The opinion reflects S&P’s analysis and considers the city’s capacity to meet its financial commitments as they come due.

In 2021, the Pico Rivera City Council authorized the City Manager to issue pension obligation bonds (POBs) to refund a portion of the city’s currently unamortized, unfunded accrued liability to the California Public Employees’ Retirement System (CalPERS), saving the city millions.

And the City’s overall financial position for issuing POBs was well received by financial rating companies.

Yesterday, S&P assigned its ‘AA’ long-term rating to Pico Rivera’s $19.325 million POBs. 

An obligation rated ‘AAA’ has the highest rating assigned by S&P; the city’s capacity to meet its financial commitment on the debt is extremely strong.

An obligation rated ‘AA’ differs from the highest-rated obligations only to a small degree. The city’s capacity to meet its financial commitment to the debt is very strong.

The high ratings did not stop there. At the same time, S&P affirmed its ‘AA-‘ long-term rating and underlying rating called SPUR on the city’s existing lease revenue bonds, writing, “the outlook is stable.” 

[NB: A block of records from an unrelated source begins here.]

Lemma diffop_seq_euler s T : diffop_seq s T -> diffop_seq s.+1 (fun q => euler (T q)).
Proof.
by move=> h; apply: diffop_seq_sum => i _; apply: diffop_seq_mull; apply: diffop_seq_mderiv.
Qed.

Lemma diffop_seq_poch (J : 'X_{1..N}) a k :
  diffop_seq (mdeg J + k) (fun q => poch a k (Dop J q)).
Proof.
elim: k => [|k IH] /=; first by rewrite addn0; apply: diffop_seq_Dop.
pose T : op R N := fun q =>
  (a%:R - k%:R)%:MP * poch a k (Dop J q) + (-1)%:MP * euler (poch a k (Dop J q)).
apply: (diffop_seq_ext (T := T)) => [q|]; first by rewrite /T !mul_mpolyC scaleN1r.
rewrite addnS; apply: diffop_seq_add; apply: diffop_seq_mull; last exact: diffop_seq_euler.
exact: diffop_seq_mono IH.
Qed.

Lemma diffop_seq_Kop n r (J : 'X_{1..N < r.+1}) : diffop_seq r (Kop n J).
Proof.
have := diffop_seq_poch J (n - mdeg J) (r - mdeg J).
by rewrite subnKC //; have := bmdeg J.
Qed.

Lemma diffop_seq_is_diffop r T : diffop_seq r T -> is_diffop r T.
Proof.
move=> [l [h1 h2]].
exists (fun I : 'X_{1..N < r.+1} => \sum_(x <- l | x.1 == val I) x.2) => q.
rewrite h2; apply/esym; under eq_bigr do rewrite mulr_suml big_mkcond.
rewrite exchange_big /= big_seq [RHS]big_seq; apply: eq_bigr => x xl.
have dx : (mdeg x.1 < r.+1)%N by rewrite ltnS; apply: (allP h1).
rewrite (bigD1 (BMultinom dx)) //= eqxx big1 ?addr0 // => I nI.
by case: eqP => // e; case/eqP: nI; apply/val_inj; rewrite /= e.
Qed.

End DifferentialOperators.

Section Representation.
Variables (R : realFieldType) (N n r : nat).
Hypothesis rn : (r <= n)%N.
Local Notation mp := {mpoly R[N]}.
Local Notation BM := 'X_{1..N < r.+1}.

Lemma triangular_comb_eq0 (b : BM -> mp) (c : BM -> 'X_{1..N} -> R) :
  (forall K : BM, \sum_J b J * (c J K *: 'X_[K - J]) = 0) ->
  (forall (J : BM) K, ~~ (J <= K)%MM -> c J K = 0) ->
  (forall K : BM, c K K != 0) -> forall J, b J = 0.
Proof.
move=> comb0 c0 cK; suff h t (J : BM) : (mdeg J < t)%N -> b J = 0.
  by move=> J; apply: (h (mdeg J).+1).
elim: t J => [//|t IH] J; rewrite ltnS leq_eqVlt => /orP [/eqP dJ|]; last exact: IH.
have := comb0 J; rewrite (bigD1 J) //= big1 => [|K nKJ].
  rewrite addr0 submm mpolyX0 -scalerAr mulr1 => /eqP.
  by rewrite scaler_eq0 (negbTE (cK J)) => /eqP.
have [lt|] := ltnP (mdeg K) t; first by rewrite IH // mul0r.
rewrite -dJ => ge; rewrite c0 ?scale0r ?mulr0 //; apply/negP => le.
by move/eqP: nKJ; apply; apply/val_inj/lem_mdeg_eq => //; apply/anti_leq; rewrite ge lem_mdeg.
Qed.

Definition Ksum (p : BM -> mp) : op R N := fun q => \sum_(J : BM) p J * Kop n J q.

Lemma KsumD p p' q : Ksum (fun J => p J + p' J) q = Ksum p q + Ksum p' q.
Proof. by rewrite /Ksum -big_split; apply: eq_bigr => J _; rewrite mulrDl. Qed.

Lemma diffop_seq_Ksum p : diffop_seq r (Ksum p).
Proof. by apply: diffop_seq_sum => J _; apply: diffop_seq_mull; apply: diffop_seq_Kop. Qed.

Lemma Kcoef_diag (J : BM) : Kcoef R n J J != 0.
Proof. by apply: Kcoef_neq0; rewrite ?lepm_refl //; lia. Qed.

Lemma Ksum_inj p p' : Ksum p =1 Ksum p' -> p =1 p'.
Proof.
move=> e J; apply/eqP; rewrite -subr_eq0; apply/eqP; move: J.
apply: (triangular_comb_eq0 (b := fun J => p J - p' J) (c := Kcoef R n)) => [K||]; last 2 first.
- exact: Kcoef_nle.
- exact: Kcoef_diag.
transitivity (Ksum p 'X_[K] - Ksum p' 'X_[K]); last by rewrite e subrr.
by rewrite /Ksum -sumrB; apply: eq_bigr => J _; rewrite mulrBl Kop_X.
Qed.

Lemma diffop_eq_monomials (L L' : op R N) : is_diffop r L -> is_diffop r L' ->
  (forall K : BM, L 'X_[K] = L' 'X_[K]) -> L =1 L'.
Proof.
move=> [a La] [a' La'] e q; rewrite La La'; apply: eq_bigr => I _; congr (_ * _).
apply/eqP; rewrite -subr_eq0; apply/eqP; move: I.
apply: (triangular_comb_eq0 (b := fun I => a I - a' I) (c := fun I K => (mffact I K)%:R)) => [K||K].
- transitivity (L 'X_[K] - L' 'X_[K]); last by rewrite e subrr.
  by rewrite La La' -sumrB; apply: eq_bigr => J _; rewrite mulrBl /Dop mderivmX.
- by move=> J K h; rewrite mffact_eq0.
- by rewrite pnatr_eq0 mffact_neq0 // lepm_refl.
Qed.

Lemma Ksum_X_top p (K : BM) :
  (forall J : BM, J != K -> p J != 0 -> (mdeg K <= mdeg J)%N) ->
  Ksum p 'X_[K] = Kcoef R n K K *: p K.
Proof.
move=> top; rewrite /Ksum (bigD1 K) //= Kop_X submm mpolyX0 -scalerAr mulr1.
rewrite big1 ?addr0 // => J nJK; have [->|nzJ] := eqVneq (p J) 0; first by rewrite mul0r.
have KJ := top J nJK nzJ; rewrite Kop_X Kcoef_nle ?scale0r ?mulr0 //.
apply: contra nJK => le; apply/eqP/val_inj/lem_mdeg_eq => //.
by apply/anti_leq; rewrite lem_mdeg.
Qed.

Lemma Ksum_interpolate (L : op R N) t :
  exists p, forall K : BM, (mdeg K < t)%N -> L 'X_[K] = Ksum p 'X_[K].
Proof.
elim: t => [|t [p Lp]]; first by exists (fun _ => 0).
pose d (J : BM) := if mdeg J == t then (Kcoef R n J J)^-1 *: (L 'X_[J] - Ksum p 'X_[J]) else 0.
have top (K : BM) : (mdeg K <= t)%N -> Ksum d 'X_[K] = Kcoef R n K K *: d K.
  move=> Kt; apply: Ksum_X_top => J _; rewrite /d.
  by case: (mdeg J =P t) => [-> | _]; rewrite ?eqxx.
exists (fun J => p J + d J) => K; rewrite ltnS KsumD => Kt; rewrite top // /d.
move: Kt; rewrite leq_eqVlt => /orP [/eqP -> | lt]; last by rewrite ltn_eqF // scaler0 addr0 Lp.
by rewrite eqxx scalerA mulfV ?Kcoef_diag // scale1r addrC subrK.
Qed.

Lemma diffop_Ksum (L : op R N) : is_diffop r L -> exists p, L =1 Ksum p.
Proof.
move=> dL; have [p Lp] := Ksum_interpolate L r.+1; exists p.
apply: diffop_eq_monomials => // [|K]; first exact/diffop_seq_is_diffop/diffop_seq_Ksum.
by apply: Lp; apply: bmdeg.
Qed.

End Representation.

Section Degrees.
Variables (R : realFieldType) (N n r : nat).
Hypothesis rn : (r <= n)%N.
Local Notation mp := {mpoly R[N]}.
Local Notation BM := 'X_{1..N < r.+1}.

Lemma Kop_inP (J : BM) (q : mp) : inP n q -> inP (n - r) (Kop n J q).
Proof.
move=> hq; rewrite (mpolywE hq) Kop_sum; apply: inP_sum => M; rewrite KopZ Kop_X.
have [->|nz] := eqVneq (Kcoef R n J M) 0; first by rewrite !scale0r scaler0; exact: inP0.
have le : (J <= M)%MM by apply: contraTT nz => /Kcoef_nle ->; rewrite eqxx.
have : ~~ (n - mdeg M < r - mdeg J)%N.
  by apply: contra nz => /Kcoef_gap -> //; rewrite -ltnS bmdeg.
have := bmdeg M; have := bmdeg J; rewrite !ltnS => dJ dM gap.
by apply/inPZ/inPZ/inPX; rewrite mdeg_subm //; lia.
Qed.

Lemma Ksum_Lrm m (p : BM -> mp) : (m <= r)%N ->
  (forall J, inP (r - m) (p J)) -> Lrm n r m (Ksum n p).
Proof.
move=> mr hp; split; first exact/diffop_seq_is_diffop/diffop_seq_Ksum.
move=> q hq; apply: inP_sum => J; have -> : (n - m = (r - m) + (n - r))%N by lia.
by apply: inPM => //; apply: Kop_inP.
Qed.

Variable i0 : 'I_N.
Local Notation shift K := (K + U_(i0) *+ (n - r))%MM.

(* Orders the multi-indices of degree <= r lexicographically by (|J|, J i0). *)
Definition Kweight (J : BM) : nat := (r.+1 * mdeg J + J i0)%N.

Lemma Kweight_lt (J J0 : BM) :
  (J <= shift J0)%MM -> (mdeg J0 <= mdeg J)%N -> J != J0 -> (Kweight J0 < Kweight J)%N.
Proof.
move=> le ge nJ; have := mnm_le_mdeg J0 i0; have := bmdeg J0.
rewrite /Kweight ltnS => J0r J0i.
have [gt|le'] := ltnP (mdeg J0) (mdeg J).
  have : (r.+1 * (mdeg J0).+1 <= r.+1 * mdeg J)%N by rewrite leq_mul2l gt orbT.
  nia.
have eqd : mdeg J = mdeg J0 by apply/eqP; rewrite eqn_leq le' ge.
rewrite eqd ltn_add2l ltnNge; apply: contra nJ => Ji.
by apply/eqP/val_inj/lem_mdeg_eq => //; exact: lem_addUn le Ji.
Qed.

Lemma Kcoef_shift_neq0 (J0 : BM) : Kcoef R n J0 (shift J0) != 0.
Proof. by apply: Kcoef_neq0; rewrite ?lem_addr // mdegD mdeg_mulUn; lia. Qed.

Lemma mcoeff_Kop_shift_diag (a : mp) (J0 : BM) B :
  (a * Kop n J0 'X_[shift J0])@_(shift B) = Kcoef R n J0 (shift J0) * a@_B.
Proof. by rewrite Kop_X -scalerAr mcoeffZ mcoeffMXE addmC addmK lem_addl addmK. Qed.

Lemma mcoeff_Kop_shift (a : mp) (J J0 : BM) B : J != J0 ->
  (a * Kop n J 'X_[shift J0])@_(shift B) != 0 ->
  (Kweight J0 < Kweight J)%N /\ exists2 B', B' \in msupp a & (mdeg B <= mdeg B')%N.
Proof.
rewrite Kop_X -scalerAr mcoeffZ mcoeffMXE mulf_eq0 negb_or => nJ /andP [nzK].
have le : (J <= shift J0)%MM by apply: contraTT nzK => /Kcoef_nle ->; rewrite eqxx.
have dI : mdeg (shift J0) = (mdeg J0 + (n - r))%N by rewrite mdegD mdeg_mulUn.
have : ~~ (n - mdeg (shift J0) < r - mdeg J)%N.
  by apply: contra nzK => /Kcoef_gap -> //; rewrite dI; have := bmdeg J0; lia.
have := bmdeg J0; have := bmdeg J; rewrite dI !ltnS => dJ dJ0 gap.
have ge : (mdeg J0 <= mdeg J)%N by lia.
case: ifP => [le' | _]; last by rewrite eqxx.
rewrite -mcoeff_msupp => B's; split; first exact: Kweight_lt.
exists (shift B - (shift J0 - J))%MM => //.
by rewrite !mdeg_subm // !mdegD mdeg_mulUn; lia.
Qed.

Lemma Ksum_coef_inP m (p : BM -> mp) :
  (forall q, inP n q -> inP (n - m) (Ksum n p q)) -> forall J, inP (r - m) (p J).
Proof.
move=> Lp; pose high J := has (fun B => r - m < mdeg B)%N (msupp (p J)).
suff nh J : ~~ high J.
  move=> J; apply/inP_msupp => B Bs; rewrite leqNgt; apply: contra (nh J) => lt.
  by apply/hasP; exists B.
apply/negP => hJ; have [J0 hJ0 maxJ0] := arg_maxnP Kweight hJ.
have [B0 B0s B0d] := hasP hJ0.
have dI : (mdeg (shift J0) <= n)%N by rewrite mdegD mdeg_mulUn; have := bmdeg J0; lia.
move: (Lp _ (inPX R dI)) => /inP_msupp /(_ (shift B0)).
suff nz : (Ksum n p 'X_[shift J0])@_(shift B0) != 0.
  by rewrite mcoeff_msupp nz mdegD mdeg_mulUn => /(_ isT); lia.
rewrite /Ksum raddf_sum (bigD1 J0) //= big1 ?addr0.
  by rewrite mcoeff_Kop_shift_diag mulf_neq0 ?Kcoef_shift_neq0 -?mcoeff_msupp.
move=> J' nJ; apply/eqP/negP => /negP /(mcoeff_Kop_shift nJ) [lt [B Bs BB0]].
have : high J' by apply/hasP; exists B => //; apply: leq_trans BB0.
by move/maxJ0; rewrite /= leqNgt lt.
Qed.

End Degrees.

Section Dimension.
Variables (R : realFieldType) (N : nat).
Local Notation mp := {mpoly R[N]}.

Lemma has_dim_card (T : finType) (S : op R N -> Prop) (b : T -> op R N) :
  (forall c : T -> R, S (fun q => \sum_t c t *: b t q)) ->
  (forall L, S L -> exists! c : T -> R, forall q, L q = \sum_t c t *: b t q) ->
  has_dim S #|{: T}|.
Proof.
move=> Sb Su; exists (fun i => b (enum_val i)).
have sumE (c : T -> R) q :
    \sum_(i < #|T|) c (enum_val i) *: b (enum_val i) q = \sum_t c t *: b t q.
  rewrite (reindex (@enum_rank T)) /=; last first.
    by exists enum_val => t _; rewrite ?enum_valK ?enum_rankK.
  by apply: eq_bigr => t _; rewrite enum_rankK.
split => [c | L /Su [c [Lc cu]]].
  have -> : (fun q => \sum_(i < #|T|) c i *: b (enum_val i) q) =
            (fun q => \sum_t c (enum_rank t) *: b t q).
    apply: functional_extensionality => q; rewrite -sumE.
    by apply: eq_bigr => i _; rewrite enum_valK.
  exact: Sb.
exists (fun i => c (enum_val i)); split => [q | c' Lc']; first by rewrite Lc sumE.
have cE : c = (fun t => c' (enum_rank t)).
  apply: cu => q; rewrite Lc' -sumE.
  by apply: eq_bigr => i _; rewrite enum_valK.
by apply: functional_extensionality => i; rewrite cE enum_valK.
Qed.

Lemma Lrm_Ksum_unique n r m (L : op R N) : (1 <= N)%N -> (r <= n)%N -> Lrm n r m L ->
  exists! p : 'X_{1..N < r.+1} -> mp, (forall J, inP (r - m) (p J)) /\ L =1 Ksum n p.
Proof.
move=> N1 rn [dL Lb]; have [p Lp] := diffop_Ksum rn dL; exists p; split.
  split=> //; apply: (Ksum_coef_inP rn (Ordinal N1)) => q hq; rewrite -Lp; exact: Lb.
move=> p' [_ Lp']; apply: functional_extensionality; apply: (Ksum_inj rn) => q.
by rewrite -Lp.
Qed.

Lemma has_dim_Lrm n r m : (1 <= N)%N -> (m <= r)%N -> (r <= n)%N ->
  has_dim (Lrm (R := R) (N := N) n r m) #|{: 'X_{1..N < (r - m).+1} * 'X_{1..N < r.+1}}|.
Proof.
move=> N1 mr rn.
pose T := ('X_{1..N < (r - m).+1} * 'X_{1..N < r.+1})%type.
pose pc (c : T -> R) J := \sum_(B : 'X_{1..N < (r - m).+1}) c (B, J) *: ('X_[B] : mp).
have pc_inP c J : inP (r - m) (pc c J).
  by apply: inP_sum => B; apply/inPZ/inPX; rewrite -ltnS bmdeg.
have sumE c q : \sum_(t : T) c t *: ('X_[t.1] * Kop n t.2 q) = Ksum n (pc c) q.
  rewrite /Ksum /pc; under [RHS]eq_bigr do rewrite mulr_suml.
  rewrite exchange_big pair_big /=; apply: eq_big => [[B J] | [B J] _] //=.
  by rewrite scalerAl.
apply: (has_dim_card (b := fun (t : T) q => 'X_[t.1] * Kop n t.2 q)) => [c | L HL].
  have -> : (fun q => \sum_(t : T) c t *: ('X_[t.1] * Kop n t.2 q)) = Ksum n (pc c).
    by apply: functional_extensionality => q; exact: sumE.
  exact: Ksum_Lrm.
have [p [[p_inP Lp] p_uniq]] := Lrm_Ksum_unique N1 rn HL.
have pcE : pc (fun t : T => (p t.2)@_t.1) = p.
  by apply: functional_extensionality => J; rewrite [RHS](mpolywE (p_inP J)).
exists (fun t : T => (p t.2)@_t.1); split => [q | c Lc]; first by rewrite sumE pcE Lp.
have -> : p = pc c by apply: p_uniq; split => // q; rewrite Lc sumE.
by apply: functional_extensionality => -[B J]; rewrite mcoeff_bmnm_comb.
Qed.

A SPUR rating is an opinion about the capacity of a city to pay debt service on a credit-enhanced debt issue, in this case, the city’s existing lease revenue bonds. The ratings are published at the request of the city with the designation SPUR to distinguish them from the credit-enhanced rating that applies to the debt issue. 

The POBs of the city can be paid from any available funds. Citing Pico Rivera’s “strong management team,” S&P rated the city’s POBs “on par with its general creditworthiness due to our view that the city’s ability to pay the obligation is closely tied to its operations.” 

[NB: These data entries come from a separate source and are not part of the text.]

(* Let $\mathrm{U}(2)\subset\mathrm{SO}(4)\times\{1\}$ act on $\Lambda^2_-S^4$. Every point is mapped into the fiber over some ${}^t(x_1,0,0,0,x_5)$ with $x_1\ge0$. For $p_0$ in the fiber over ${}^t(x_1,0,0,0,x_5)$, the orbit $\mathrm{U}(2)\cdot p_0$ is diffeomorphic to: $\mathrm{U}(2)$ if $x_5\ne\pm1$ and $p_0=({}^t(x_1,0,0,0,x_5),{}^t(a_1,a_2,a_3))$ with $(a_1,a_2)\ne0$; $S^3$ if $x_5\ne\pm1$ and $(a_1,a_2)=0$; $S^2$ if $x_5=1$ and $p_0\ne0$; $S^1$ if $x_5=-1$ and $p_0$ has pole coordinates with $(A_2,A_3)\ne0$; a point if $x_5=1,p_0=0$, or $x_5=-1$ and $(A_2,A_3)=0$.
   Context: $S^4\subset\mathbb R^5$ is the unit sphere, $\Lambda^2_-S^4$ the bundle of anti-self-dual 2-forms (round metric); $\mathrm{SO}(5)$ acts on $\Lambda^2_-S^4$ by lifting its linear action on $S^4$ to 2-forms ($g\cdot\omega=(g^{-1})^*\omega$). $\mathrm{U}(2)$ acts $\mathbb C$-linearly on $\mathbb C^2\cong\mathbb R^4$ via $(z_1,z_2)=(x_1+ix_2,x_3+ix_4)$ and fixes $x_5$. On $S^4\setminus\{x_5=\pm1\}$ use the frame $e_1=\frac{1}{\sqrt{1-x_5^2}}{}^t(-x_2,x_1,-x_4,x_3,0)$, $e_2=\frac{1}{\sqrt{1-x_5^2}}{}^t(-x_3,x_4,x_1,-x_2,0)$, $e_3=\frac{1}{\sqrt{1-x_5^2}}{}^t(-x_4,-x_3,x_2,x_1,0)$, $e_4=\frac{1}{\sqrt{1-x_5^2}}{}^t(-x_1x_5,-x_2x_5,-x_3x_5,-x_4x_5,1-x_5^2)$, dual coframe $e^i$, $\omega_1=e^{12}-e^{34}$, $\omega_2=e^{13}-e^{42}$, $\omega_3=e^{14}-e^{23}$; $(x,{}^t(a_1,a_2,a_3))$ denotes $\sum_ia_i\omega_i|_x$. At a pole ${}^t(0,0,0,0,\pm1)$ use the basis $f_1={}^t(1,0,0,0,0)$, $f_2={}^t(0,1,0,0,0)$, $f_3={}^t(0,0,1,0,0)$, $f_4={}^t(0,0,0,\pm1,0)$ of the tangent space, dual basis $f^i$, $\Omega_1=f^{12}-f^{34}$, $\Omega_2=f^{13}-f^{42}$, $\Omega_3=f^{14}-f^{23}$, and pole coordinates $(A_1,A_2,A_3)$ meaning the point $\sum_iA_i\Omega_i$. *)

From Stdlib Require Import Reals.
From mathcomp Require Import ssreflect ssrfun ssrbool eqtype ssrnat seq choice fintype bigop.
Set Implicit Arguments. Unset Strict Implicit. Unset Printing Implicit Defensive.
Local Open Scope R_scope.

The recent AA rating presents an opportunity for the City Council to consider a resolution approving final steps and documents needed to refinance a new round of POBs.

If approved, the city will refinance approximately 62% of the city’s unfunded actuarial liability (UAL), reduce the current UAL payments by roughly $7.5 million, and achieve a 90% funded ratio after the POBs are issued.

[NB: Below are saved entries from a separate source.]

Lemma path_weight_nil i l : path_weight i [::] l = r i l / (r i i - r l l).
Proof. by rewrite /path_weight big_seq1. Qed.

Lemma path_weight_rcons i s k l :
  path_weight i (rcons s k) l = path_weight i s k * (r k l / (r i i - r l l)).
Proof.
by rewrite /path_weight -rcons_cons zip_rcons ?size_rcons // big_rcons.
Qed.

Lemma chain_term_rcons i l v (t : v.+1.-tuple 'I_n) k :
  chain_term r i l [tuple of rcons t k] = chain_term r i k t * (r k l / (r i i - r l l)).
Proof.
have st : size t = v.+1 by rewrite size_tuple.
rewrite /chain_term /= big_nat_recr //= !nth_rcons st ltnS leqnn ltnn eqxx.
rewrite (@eq_big_nat _ _ _ 0 v _
  (fun u => r (nth i t u) (nth i t u.+1) / (r i i - r (nth i t u.+1) (nth i t u.+1)))).
  by rewrite !invfM; ring.
by move=> u /andP[_ uv]; rewrite !nth_rcons st ltnS (ltnW uv) ltnS uv.
Qed.

Lemma chain_termE i l v (t : v.+1.-tuple 'I_n) : chain_term r i l t = path_weight i t l.
Proof.
elim: v t l => [|v IH] t l.
  case/tupleP: t => k t0; rewrite tuple0 /chain_term /= big_geq // mulr1.
  rewrite -[[:: k]]/(rcons [::] k) path_weight_rcons path_weight_nil.
  by rewrite invfM; ring.
by rewrite [t]rcons_belast_tupleE chain_term_rcons IH path_weight_rcons.
Qed.

Lemma chain_between_rcons i l v (t : v.-tuple 'I_n) k :
  chain_between i l [tuple of rcons t k] = (i < k < l)%N && chain_between i k t.
Proof.
rewrite /chain_between /= map_rcons all_rcons (sorted_pairwise ltn_trans).
rewrite pairwise_rcons -(sorted_pairwise ltn_trans) all_map.
case/boolP: (i < k < l)%N => [/andP[ik kl]|_]; last by rewrite !andbF.
rewrite /= -andbA andbCA; congr (_ && _); rewrite -all_predI; apply: eq_all => x /=.
by case: (ltnP x k) => xk; rewrite ?andbF //= (ltn_trans xk kl) andbT.
Qed.

Lemma chain_between_size i l v (t : v.-tuple 'I_n) :
  chain_between i l t -> (v <= l - i.+1)%N.
Proof.
move=> /andP[sorted_t /allP t_between].
rewrite -(size_tuple t) -(size_map val) -(size_iota i.+1 (l - i.+1)).
rewrite -/(index_iota i.+1 l).
apply: uniq_leq_size => [|_ /mapP[k kt ->]].
  exact: (sorted_uniq ltn_trans ltnn sorted_t).
by rewrite mem_index_iota; apply: t_between.
Qed.

Definition chain_sum i l v : K :=
  \sum_(t : v.-tuple 'I_n | chain_between i l t) path_weight i t l.

Definition chain_coef i l : K := \sum_(0 <= v < l - i) chain_sum i l v.

Lemma chain_sum0 i l : chain_sum i l 0 = r i l / (r i i - r l l).
Proof.
rewrite /chain_sum (eq_bigl (pred1 [tuple])) ?big_pred1_eq ?path_weight_nil // => t.
by rewrite tuple0; apply/esym/eqP.
Qed.

Lemma chain_sumS i l v : chain_sum i l v.+1 =
  \sum_(k : 'I_n | (i < k < l)%N) chain_sum i k v * (r k l / (r i i - r l l)).
Proof.
pose split_last (t : v.+1.-tuple 'I_n) :=
  (last (thead t) (behead t), [tuple of belast (thead t) (behead t)]).
rewrite /chain_sum
  (reindex (fun p : 'I_n * v.-tuple 'I_n => [tuple of rcons p.2 p.1])) /=; last first.
  exists split_last => [[k t] _ | t _]; last by rewrite -rcons_belast_tupleE.
  have /(congr1 val) := tuple_eta [tuple of rcons t k].
  rewrite /= lastI => /rcons_inj[belast_t last_k].
  by rewrite /split_last; congr (_, _); last apply: val_inj.
under eq_bigl do rewrite chain_between_rcons.
rewrite -(pair_big_dep (fun k : 'I_n => i < k < l)%N
  (fun k (t : v.-tuple 'I_n) => chain_between i k t)
  (fun k (t : v.-tuple 'I_n) => path_weight i (rcons t k) l)) /=.
by apply: eq_bigr => k _; rewrite big_distrl; apply: eq_bigr => t _; rewrite path_weight_rcons.
Qed.

Lemma chain_sum_eq0 i l v : (i < l)%N -> (l - i <= v)%N -> chain_sum i l v = 0.
Proof. by move=> il lv; apply: big1 => t /chain_between_size; lia. Qed.

Lemma chain_coef_rec i l : (i < l)%N -> chain_coef i l =
  (r i l + \sum_(k : 'I_n | (i < k < l)%N) chain_coef i k * r k l) / (r i i - r l l).
Proof.
move=> il; rewrite /chain_coef big_ltn ?subn_gt0 // chain_sum0 big_add1 /=.
under eq_bigr do rewrite chain_sumS.
rewrite exchange_big /= mulrDl mulr_suml; congr (_ + _).
apply: eq_bigr => k /andP[ik kl]; rewrite -big_distrl -mulrA /=; congr (_ * _).
rewrite (big_cat_nat (n := k - i)) /=; [|lia|lia].
rewrite [X in _ + X]big1_seq ?addr0 // => v /andP[_].
by rewrite mem_index_iota => /andP[kv _]; apply: chain_sum_eq0.
Qed.

Lemma b_formulaE (bd : 'I_n -> K) i l :
  (i < l)%N -> b_formula r bd i l = bd i * chain_coef i l.
Proof.
move=> il; rewrite /b_formula /chain_coef [in RHS]big_ltn ?subn_gt0 // chain_sum0.
congr (_ * (_ + _)); apply: eq_big_nat => -[|v] // _.
by apply: eq_bigr => t _; rewrite chain_termE.
Qed.

Hypothesis hr : upper_tri r.
Hypothesis hdist : forall k l : 'I_n, k != l -> r k k != r l l.

Lemma eigenrow_chain_coef i (x : 'rV[K]_n) :
  (forall j : 'I_n, (j < i)%N -> x 0 j = 0) -> x 0 i = 1 -> x *m r = r i i *: x ->
  forall l : 'I_n, (i < l)%N -> x 0 l = chain_coef i l.
Proof.
move=> x_lt x_i x_eigen.
have x_rec l : (i < l)%N ->
    x 0 l = (r i l + \sum_(k : 'I_n | (i < k < l)%N) x 0 k * r k l) / (r i i - r l l).
  move=> il; have dl : r i i - r l l != 0 by rewrite subr_eq0 hdist // neq_ltn il.
  apply: (canRL (mulfK dl)); have /matrixP/(_ 0 l) := x_eigen; rewrite !mxE.
  rewrite (sum_ord_between il) => [|j /orP[ji|lj]]; last 2 first.
  - by rewrite x_lt ?mul0r.
  - by rewrite hr ?mulr0.
  rewrite x_i mul1r => x_eigen_l.
  by rewrite mulrBr [x 0 l * r i i]mulrC -x_eigen_l; ring.
move=> l; elim: {l}_.+1 {-2}l (ltnSn l) => // m IH l lm il.
rewrite x_rec // chain_coef_rec //; congr ((_ + _) / _).
by apply: eq_bigr => k /andP[ik kl]; rewrite IH //; lia.
Qed.

End Chains.

Section Bmat.
Variables (K : fieldType) (n : nat) (r : 'M[K]_n) (bd : 'I_n -> K).

Lemma bmatE k l : bmat r bd k l = bd k * Lmat r k k l.
Proof.
rewrite /bmat summxE (bigD1 k) //= big1 ?addr0 => [|i ik].
  rewrite mul_mx_diag mxE (bigD1 k) //= big1 ?addr0 => [|j jk].
    by rewrite !mxE !eqxx mul1r.
  by rewrite !mxE (negPf jk) andbF !mul0r.
by rewrite mul_mx_diag mxE big1 // => j _; rewrite !mxE (eq_sym k i) (negPf ik) !mul0r.
Qed.

Hypothesis hr : upper_tri r.

Lemma upper_tri_bmat : upper_tri (bmat r bd).
Proof. by move=> k l lk; rewrite bmatE upper_tri_Lmat ?mulr0. Qed.

Lemma bmat_mulmx : bmat r bd *m r = diag_mx (\row_k r k k) *m bmat r bd.
Proof.
apply/matrixP => k l; rewrite mul_diag_mx !mxE bmatE mulrCA.
have /matrixP/(_ k l) := Lmat_mulmx hr k; rewrite !mxE => <-.
by rewrite big_distrr; apply: eq_bigr => j _; rewrite bmatE -mulrA.
Qed.

Hypothesis hdist : forall k l : 'I_n, k != l -> r k k != r l l.

Lemma bmat_diag k : bmat r bd k k = bd k.
Proof. by rewrite bmatE Lmat_diag ?mulr1. Qed.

S&P wrote, “The city continued to produce operating surpluses during the pandemic through conservative revenue forecasting and expenditure restraint. 

“Following a reexamination of the reserve policy, the city strengthened its reserve policy target in 2020 to 50% of revenues to adjust for the risk characteristics of the general fund revenues, and this provides an additional cushion against downside risk. 

“The stable outlook reflects our view of the city’s very strong budgetary flexibility and its positive trend in sales tax and property tax revenues, which have strengthened the city’s financial position. We do not expect to change the ratings during the next two years.” 

Pico Rivera City Manager Steve Carmona told HMG-CN, “I am very proud of the fine work staff did to maintain our good standing with the investment community. Together we worked to strengthen our General Fund Reserves to adjust for the risk characteristics of general fund revenues, maintained a very strong budgetary flexibility and oversaw a positive trend in sales tax and property tax revenues, which contributed to strengthening our overall financial position now and into the future.”

Pico Rivera Mayor Dr. Monica Sanchez commented, “I’d like to commend city staff for doing a stellar job leading to the excellent rating with Standard and Poor’s. Their focus on continuing to produce operating surpluses during the recent pandemic through conservative revenue forecasting combined with an emphasis on expenditure restraint contributed greatly to maintaining our good standing in the financial community.”